What you should do
Check each line of the material. Copy those containing "From".

Data records
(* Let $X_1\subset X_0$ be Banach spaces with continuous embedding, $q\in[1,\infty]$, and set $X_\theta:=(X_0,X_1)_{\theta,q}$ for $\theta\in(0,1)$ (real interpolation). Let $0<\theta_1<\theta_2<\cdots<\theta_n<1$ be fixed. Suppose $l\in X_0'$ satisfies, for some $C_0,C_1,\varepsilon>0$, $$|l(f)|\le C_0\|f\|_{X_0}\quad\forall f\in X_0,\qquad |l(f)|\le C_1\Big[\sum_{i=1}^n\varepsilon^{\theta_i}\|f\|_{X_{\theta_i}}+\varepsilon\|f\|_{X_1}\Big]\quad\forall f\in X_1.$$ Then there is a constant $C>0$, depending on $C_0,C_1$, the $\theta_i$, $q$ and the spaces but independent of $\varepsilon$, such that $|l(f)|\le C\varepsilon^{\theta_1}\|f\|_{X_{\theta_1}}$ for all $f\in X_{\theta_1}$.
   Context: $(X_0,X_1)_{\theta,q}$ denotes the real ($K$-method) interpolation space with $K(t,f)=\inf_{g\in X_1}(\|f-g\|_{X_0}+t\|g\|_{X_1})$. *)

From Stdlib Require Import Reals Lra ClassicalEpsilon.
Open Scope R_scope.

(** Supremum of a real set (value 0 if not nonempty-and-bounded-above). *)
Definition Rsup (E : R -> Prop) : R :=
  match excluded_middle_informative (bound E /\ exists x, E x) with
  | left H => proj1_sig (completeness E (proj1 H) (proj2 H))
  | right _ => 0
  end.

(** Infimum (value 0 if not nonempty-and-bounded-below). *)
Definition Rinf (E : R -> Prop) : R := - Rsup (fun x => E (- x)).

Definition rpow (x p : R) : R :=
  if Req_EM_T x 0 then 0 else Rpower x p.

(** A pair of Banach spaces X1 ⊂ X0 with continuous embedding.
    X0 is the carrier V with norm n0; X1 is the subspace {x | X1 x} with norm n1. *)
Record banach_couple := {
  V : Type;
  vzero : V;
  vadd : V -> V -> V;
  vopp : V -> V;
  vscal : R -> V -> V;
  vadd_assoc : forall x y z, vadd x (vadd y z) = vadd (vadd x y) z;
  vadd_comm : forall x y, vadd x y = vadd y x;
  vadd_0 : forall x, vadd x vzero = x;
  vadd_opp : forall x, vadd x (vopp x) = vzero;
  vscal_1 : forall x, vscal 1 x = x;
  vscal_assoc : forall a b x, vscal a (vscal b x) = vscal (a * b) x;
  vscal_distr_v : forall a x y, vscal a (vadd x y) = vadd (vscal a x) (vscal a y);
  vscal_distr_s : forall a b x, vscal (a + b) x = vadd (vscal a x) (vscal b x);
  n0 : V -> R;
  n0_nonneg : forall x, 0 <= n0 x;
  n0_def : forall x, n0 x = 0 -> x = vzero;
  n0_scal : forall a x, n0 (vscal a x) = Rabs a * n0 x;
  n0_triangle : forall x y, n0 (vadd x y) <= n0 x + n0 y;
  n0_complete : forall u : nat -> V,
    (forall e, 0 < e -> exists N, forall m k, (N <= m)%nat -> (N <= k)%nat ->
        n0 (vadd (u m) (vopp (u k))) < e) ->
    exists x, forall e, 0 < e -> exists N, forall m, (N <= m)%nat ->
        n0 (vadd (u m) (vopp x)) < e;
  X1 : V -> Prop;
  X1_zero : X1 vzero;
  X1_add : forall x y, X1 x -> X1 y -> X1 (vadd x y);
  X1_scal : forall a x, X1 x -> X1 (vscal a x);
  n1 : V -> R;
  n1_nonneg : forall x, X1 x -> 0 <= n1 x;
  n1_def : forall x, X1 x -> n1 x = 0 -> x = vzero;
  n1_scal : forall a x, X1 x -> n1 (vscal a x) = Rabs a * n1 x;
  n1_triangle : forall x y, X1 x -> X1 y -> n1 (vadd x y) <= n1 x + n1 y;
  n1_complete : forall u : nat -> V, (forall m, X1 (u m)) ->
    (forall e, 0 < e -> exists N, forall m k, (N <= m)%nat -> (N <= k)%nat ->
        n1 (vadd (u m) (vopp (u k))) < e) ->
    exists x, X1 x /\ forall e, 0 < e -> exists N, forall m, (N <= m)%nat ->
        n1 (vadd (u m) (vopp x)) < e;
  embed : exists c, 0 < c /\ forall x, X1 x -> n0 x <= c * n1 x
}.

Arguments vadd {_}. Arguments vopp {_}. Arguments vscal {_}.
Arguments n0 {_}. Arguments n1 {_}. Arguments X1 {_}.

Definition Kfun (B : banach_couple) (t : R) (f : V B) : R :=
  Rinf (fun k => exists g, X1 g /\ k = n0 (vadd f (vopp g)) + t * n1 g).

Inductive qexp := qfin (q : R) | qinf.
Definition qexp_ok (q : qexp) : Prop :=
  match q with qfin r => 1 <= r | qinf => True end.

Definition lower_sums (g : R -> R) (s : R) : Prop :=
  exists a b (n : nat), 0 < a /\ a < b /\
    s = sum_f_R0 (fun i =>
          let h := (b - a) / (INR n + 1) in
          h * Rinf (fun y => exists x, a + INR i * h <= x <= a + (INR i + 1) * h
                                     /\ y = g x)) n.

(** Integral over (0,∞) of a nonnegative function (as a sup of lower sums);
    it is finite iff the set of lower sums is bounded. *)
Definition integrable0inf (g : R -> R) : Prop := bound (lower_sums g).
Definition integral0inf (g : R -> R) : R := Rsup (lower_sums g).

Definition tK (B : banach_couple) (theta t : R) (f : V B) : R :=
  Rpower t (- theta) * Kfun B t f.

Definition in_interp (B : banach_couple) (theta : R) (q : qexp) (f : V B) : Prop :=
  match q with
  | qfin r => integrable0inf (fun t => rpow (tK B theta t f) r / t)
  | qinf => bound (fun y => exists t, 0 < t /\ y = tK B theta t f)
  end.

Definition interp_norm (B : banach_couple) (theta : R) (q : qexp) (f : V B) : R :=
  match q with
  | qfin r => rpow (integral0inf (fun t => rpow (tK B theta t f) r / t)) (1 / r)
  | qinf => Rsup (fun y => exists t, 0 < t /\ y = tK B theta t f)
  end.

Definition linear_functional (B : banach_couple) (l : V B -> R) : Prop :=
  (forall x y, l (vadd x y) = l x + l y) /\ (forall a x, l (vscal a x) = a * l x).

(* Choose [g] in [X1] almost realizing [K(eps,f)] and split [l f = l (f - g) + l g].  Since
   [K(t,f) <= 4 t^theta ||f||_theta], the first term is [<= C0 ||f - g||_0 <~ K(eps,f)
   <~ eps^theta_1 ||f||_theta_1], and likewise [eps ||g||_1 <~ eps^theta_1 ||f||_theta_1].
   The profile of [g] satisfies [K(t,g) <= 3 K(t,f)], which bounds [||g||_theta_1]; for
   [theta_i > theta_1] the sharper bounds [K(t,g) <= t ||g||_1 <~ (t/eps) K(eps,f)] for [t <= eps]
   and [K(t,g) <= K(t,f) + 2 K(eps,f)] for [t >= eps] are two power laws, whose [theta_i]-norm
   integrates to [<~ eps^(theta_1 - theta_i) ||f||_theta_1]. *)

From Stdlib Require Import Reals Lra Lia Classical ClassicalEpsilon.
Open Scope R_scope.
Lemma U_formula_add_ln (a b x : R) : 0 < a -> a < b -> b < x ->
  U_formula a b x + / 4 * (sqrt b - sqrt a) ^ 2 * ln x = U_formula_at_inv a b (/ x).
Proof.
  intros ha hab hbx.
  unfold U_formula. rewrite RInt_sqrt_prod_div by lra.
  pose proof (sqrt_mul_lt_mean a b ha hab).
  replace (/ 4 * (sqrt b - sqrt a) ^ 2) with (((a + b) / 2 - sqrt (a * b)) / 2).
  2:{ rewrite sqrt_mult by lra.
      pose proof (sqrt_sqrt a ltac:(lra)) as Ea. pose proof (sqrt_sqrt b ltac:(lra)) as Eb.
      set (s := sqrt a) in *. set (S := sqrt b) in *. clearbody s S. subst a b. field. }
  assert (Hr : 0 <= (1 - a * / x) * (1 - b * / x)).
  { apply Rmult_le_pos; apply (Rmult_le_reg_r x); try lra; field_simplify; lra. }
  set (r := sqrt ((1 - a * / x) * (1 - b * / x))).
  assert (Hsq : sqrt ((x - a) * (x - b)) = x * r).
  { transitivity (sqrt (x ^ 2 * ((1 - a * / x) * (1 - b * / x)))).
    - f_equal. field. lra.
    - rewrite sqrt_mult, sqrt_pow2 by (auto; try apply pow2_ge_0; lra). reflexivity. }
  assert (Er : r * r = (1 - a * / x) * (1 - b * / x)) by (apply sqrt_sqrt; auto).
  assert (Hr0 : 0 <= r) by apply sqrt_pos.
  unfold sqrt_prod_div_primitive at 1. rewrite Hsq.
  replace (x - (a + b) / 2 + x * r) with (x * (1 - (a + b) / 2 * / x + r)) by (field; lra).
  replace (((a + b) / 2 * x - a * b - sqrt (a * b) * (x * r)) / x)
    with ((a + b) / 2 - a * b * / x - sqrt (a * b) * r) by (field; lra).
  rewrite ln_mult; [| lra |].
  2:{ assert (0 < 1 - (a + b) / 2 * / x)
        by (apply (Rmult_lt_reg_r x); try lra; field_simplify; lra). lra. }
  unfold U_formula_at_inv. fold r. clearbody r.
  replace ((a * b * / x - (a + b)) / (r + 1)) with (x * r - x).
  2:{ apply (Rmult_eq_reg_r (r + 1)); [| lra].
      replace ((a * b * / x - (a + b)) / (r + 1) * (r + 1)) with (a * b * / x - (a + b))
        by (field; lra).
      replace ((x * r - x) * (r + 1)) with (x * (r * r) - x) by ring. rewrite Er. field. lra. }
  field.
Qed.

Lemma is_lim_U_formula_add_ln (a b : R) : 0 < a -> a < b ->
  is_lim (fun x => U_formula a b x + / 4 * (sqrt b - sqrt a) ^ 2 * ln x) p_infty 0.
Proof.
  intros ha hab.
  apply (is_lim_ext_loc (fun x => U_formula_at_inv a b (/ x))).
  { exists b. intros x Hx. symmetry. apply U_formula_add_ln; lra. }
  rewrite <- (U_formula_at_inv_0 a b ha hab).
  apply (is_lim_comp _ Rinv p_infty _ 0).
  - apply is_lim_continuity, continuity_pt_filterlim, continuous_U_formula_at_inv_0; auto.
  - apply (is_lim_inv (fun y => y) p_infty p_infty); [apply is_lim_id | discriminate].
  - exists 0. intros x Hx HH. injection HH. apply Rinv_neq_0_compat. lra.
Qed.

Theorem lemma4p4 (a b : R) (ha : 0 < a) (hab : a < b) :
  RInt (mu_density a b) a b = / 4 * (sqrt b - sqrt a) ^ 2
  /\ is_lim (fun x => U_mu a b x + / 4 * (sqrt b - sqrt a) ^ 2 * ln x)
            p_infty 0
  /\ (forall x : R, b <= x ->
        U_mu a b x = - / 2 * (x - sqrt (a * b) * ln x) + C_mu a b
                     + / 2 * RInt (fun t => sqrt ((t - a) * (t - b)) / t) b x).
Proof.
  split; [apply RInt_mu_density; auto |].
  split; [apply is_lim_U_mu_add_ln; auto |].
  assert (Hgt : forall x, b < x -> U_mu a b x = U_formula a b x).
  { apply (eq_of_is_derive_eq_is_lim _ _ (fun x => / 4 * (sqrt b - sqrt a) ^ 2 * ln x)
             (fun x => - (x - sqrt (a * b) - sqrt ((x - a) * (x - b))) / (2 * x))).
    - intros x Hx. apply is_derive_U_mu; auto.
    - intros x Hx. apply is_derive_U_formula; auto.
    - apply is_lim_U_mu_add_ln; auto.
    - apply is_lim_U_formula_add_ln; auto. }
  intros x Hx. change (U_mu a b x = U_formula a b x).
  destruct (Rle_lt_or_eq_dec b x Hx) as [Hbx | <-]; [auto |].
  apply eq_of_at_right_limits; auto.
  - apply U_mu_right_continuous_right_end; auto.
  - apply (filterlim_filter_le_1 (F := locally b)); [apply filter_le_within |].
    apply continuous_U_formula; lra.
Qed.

Exercise output
From Stdlib Require Import Reals Lra ClassicalEpsilon.
From Stdlib Require Import Reals Lra Lia Classical ClassicalEpsilon.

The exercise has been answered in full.